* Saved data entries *

· · · · · · ·

Lemma den_and env a b : den env (andE a b) = 0 <-> den env a = 0 /\ den env b = 0.
Proof. unfold andE. rewrite den_add. lia. Qed.

Lemma den_or env a b : den env (orE a b) = 0 <-> den env a = 0 \/ den env b = 0.
Proof. unfold orE. rewrite den_mul. apply Nat.mul_eq_0. Qed.

Fixpoint tri (s : nat) : nat := match s with 0 => 0 | S s' => tri s' + s end.

Lemma pair_tri x y : pair x y = tri (x + y) + y.
Proof.
  unfold pair. f_equal.
  assert (H : tri (x + y) * 2 = (x + y) * (x + y + 1)) by (induction (x + y); simpl; lia).
  rewrite <- H, Nat.div_mul; lia.
Qed.

Lemma den_pair env a b : den env (pairE a b) = pair (den env a) (den env b).
Proof.
  unfold pairE, triE. rewrite den_add, pair_tri. f_equal. cbn [den map nth].
  rewrite den_add. apply iter_rec_eq; auto. intros k. rewrite den_add. cbn [den nth tri]. lia.
Qed.

Lemma pair_inj a b c d : pair a b = pair c d -> a = c /\ b = d.
Proof.
  rewrite !pair_tri. intros H.
  assert (tri_mono : forall s s', s <= s' -> tri s <= tri s')
    by (intros s s' Hs; induction Hs; simpl; lia).
  assert (Hsum : a + b = c + d).
  { destruct (lt_eq_lt_dec (a + b) (c + d)) as [[Hlt|Heq]|Hlt]; auto; exfalso.
    - pose proof (tri_mono (S (a + b)) (c + d) Hlt). simpl in *. lia.
    - pose proof (tri_mono (S (c + d)) (a + b) Hlt). simpl in *. lia. }
  rewrite Hsum in H. lia.
Qed.

Lemma pair_ge x y : x <= pair x y /\ y <= pair x y.
Proof.
  rewrite pair_tri. assert (forall s, s <= tri s) by (induction s; simpl; lia).
  pose proof (H (x + y)). lia.
Qed.

Lemma D_lt a i : D a i -> i < a.
Proof.
  unfold D. intros H. destruct (Nat.eq_dec a 0) as [->|Ha].
  - rewrite Nat.bits_0 in H. discriminate.
  - destruct (Nat.lt_ge_cases i a) as [|Hi]; auto.
    rewrite Nat.bits_above_log2 in H; [discriminate|].
    pose proof (Nat.log2_lt_lin a ltac:(lia)). lia.
Qed.

Lemma subset_D0 (Y : nat -> Prop) : subset (D 0) Y.
Proof. intros i H. unfold D in H. rewrite Nat.bits_0 in H. discriminate. Qed.

Lemma D_pow n i : D (2 ^ n) i <-> i = n.
Proof. unfold D. rewrite Nat.pow2_bits_eqb, Nat.eqb_eq. split; auto. Qed.

Lemma D_lor a b i : D (Nat.lor a b) i <-> D a i \/ D b i.
Proof. unfold D. rewrite Nat.lor_spec. apply orb_true_iff. Qed.

Lemma subset_D_lor (Y : nat -> Prop) a b :
  subset (D a) Y -> subset (D b) Y -> subset (D (Nat.lor a b)) Y.
Proof. intros Ha Hb i Hi. apply D_lor in Hi as [Hi|Hi]; auto. Qed.

Lemma subset_D_lor_l a b : subset (D a) (D (Nat.lor a b)).
Proof. intros i Hi. apply D_lor. auto. Qed.

Lemma subset_D_lor_r a b : subset (D b) (D (Nat.lor a b)).
Proof. intros i Hi. apply D_lor. auto. Qed.

Lemma subset_trans (A B C : nat -> Prop) : subset A B -> subset B C -> subset A C.
Proof. unfold subset. auto. Qed.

· · · · · · ·

* PROBLEM STATEMENT *
Could you reproduce every record exactly as shown above?

* EXERCISE OUTPUT *
Lemma den_and env a b : den env (andE a b) = 0 <-> den env a = 0 /\ den env b = 0.
Proof. unfold andE. rewrite den_add. lia. Qed.

Lemma den_or env a b : den env (orE a b) = 0 <-> den env a = 0 \/ den env b = 0.
Proof. unfold orE. rewrite den_mul. apply Nat.mul_eq_0. Qed.

Fixpoint tri (s : nat) : nat := match s with 0 => 0 | S s' => tri s' + s end.

Lemma pair_tri x y : pair x y = tri (x + y) + y.
Proof.
  unfold pair. f_equal.
  assert (H : tri (x + y) * 2 = (x + y) * (x + y + 1)) by (induction (x + y); simpl; lia).
  rewrite <- H, Nat.div_mul; lia.
Qed.

Lemma den_pair env a b : den env (pairE a b) = pair (den env a) (den env b).
Proof.
  unfold pairE, triE. rewrite den_add, pair_tri. f_equal. cbn [den map nth].
  rewrite den_add. apply iter_rec_eq; auto. intros k. rewrite den_add. cbn [den nth tri]. lia.
Qed.

Lemma pair_inj a b c d : pair a b = pair c d -> a = c /\ b = d.
Proof.
  rewrite !pair_tri. intros H.
  assert (tri_mono : forall s s', s <= s' -> tri s <= tri s')
    by (intros s s' Hs; induction Hs; simpl; lia).
  assert (Hsum : a + b = c + d).
  { destruct (lt_eq_lt_dec (a + b) (c + d)) as [[Hlt|Heq]|Hlt]; auto; exfalso.
    - pose proof (tri_mono (S (a + b)) (c + d) Hlt). simpl in *. lia.
    - pose proof (tri_mono (S (c + d)) (a + b) Hlt). simpl in *. lia. }
  rewrite Hsum in H. lia.
Qed.

Lemma pair_ge x y : x <= pair x y /\ y <= pair x y.
Proof.
  rewrite pair_tri. assert (forall s, s <= tri s) by (induction s; simpl; lia).
  pose proof (H (x + y)). lia.
Qed.

Lemma D_lt a i : D a i -> i < a.
Proof.
  unfold D. intros H. destruct (Nat.eq_dec a 0) as [->|Ha].
  - rewrite Nat.bits_0 in H. discriminate.
  - destruct (Nat.lt_ge_cases i a) as [|Hi]; auto.
    rewrite Nat.bits_above_log2 in H; [discriminate|].
    pose proof (Nat.log2_lt_lin a ltac:(lia)). lia.
Qed.

Lemma subset_D0 (Y : nat -> Prop) : subset (D 0) Y.
Proof. intros i H. unfold D in H. rewrite Nat.bits_0 in H. discriminate. Qed.

Lemma D_pow n i : D (2 ^ n) i <-> i = n.
Proof. unfold D. rewrite Nat.pow2_bits_eqb, Nat.eqb_eq. split; auto. Qed.

Lemma D_lor a b i : D (Nat.lor a b) i <-> D a i \/ D b i.
Proof. unfold D. rewrite Nat.lor_spec. apply orb_true_iff. Qed.

Lemma subset_D_lor (Y : nat -> Prop) a b :
  subset (D a) Y -> subset (D b) Y -> subset (D (Nat.lor a b)) Y.
Proof. intros Ha Hb i Hi. apply D_lor in Hi as [Hi|Hi]; auto. Qed.

Lemma subset_D_lor_l a b : subset (D a) (D (Nat.lor a b)).
Proof. intros i Hi. apply D_lor. auto. Qed.

Lemma subset_D_lor_r a b : subset (D b) (D (Nat.lor a b)).
Proof. intros i Hi. apply D_lor. auto. Qed.

Lemma subset_trans (A B C : nat -> Prop) : subset A B -> subset B C -> subset A C.
Proof. unfold subset. auto. Qed.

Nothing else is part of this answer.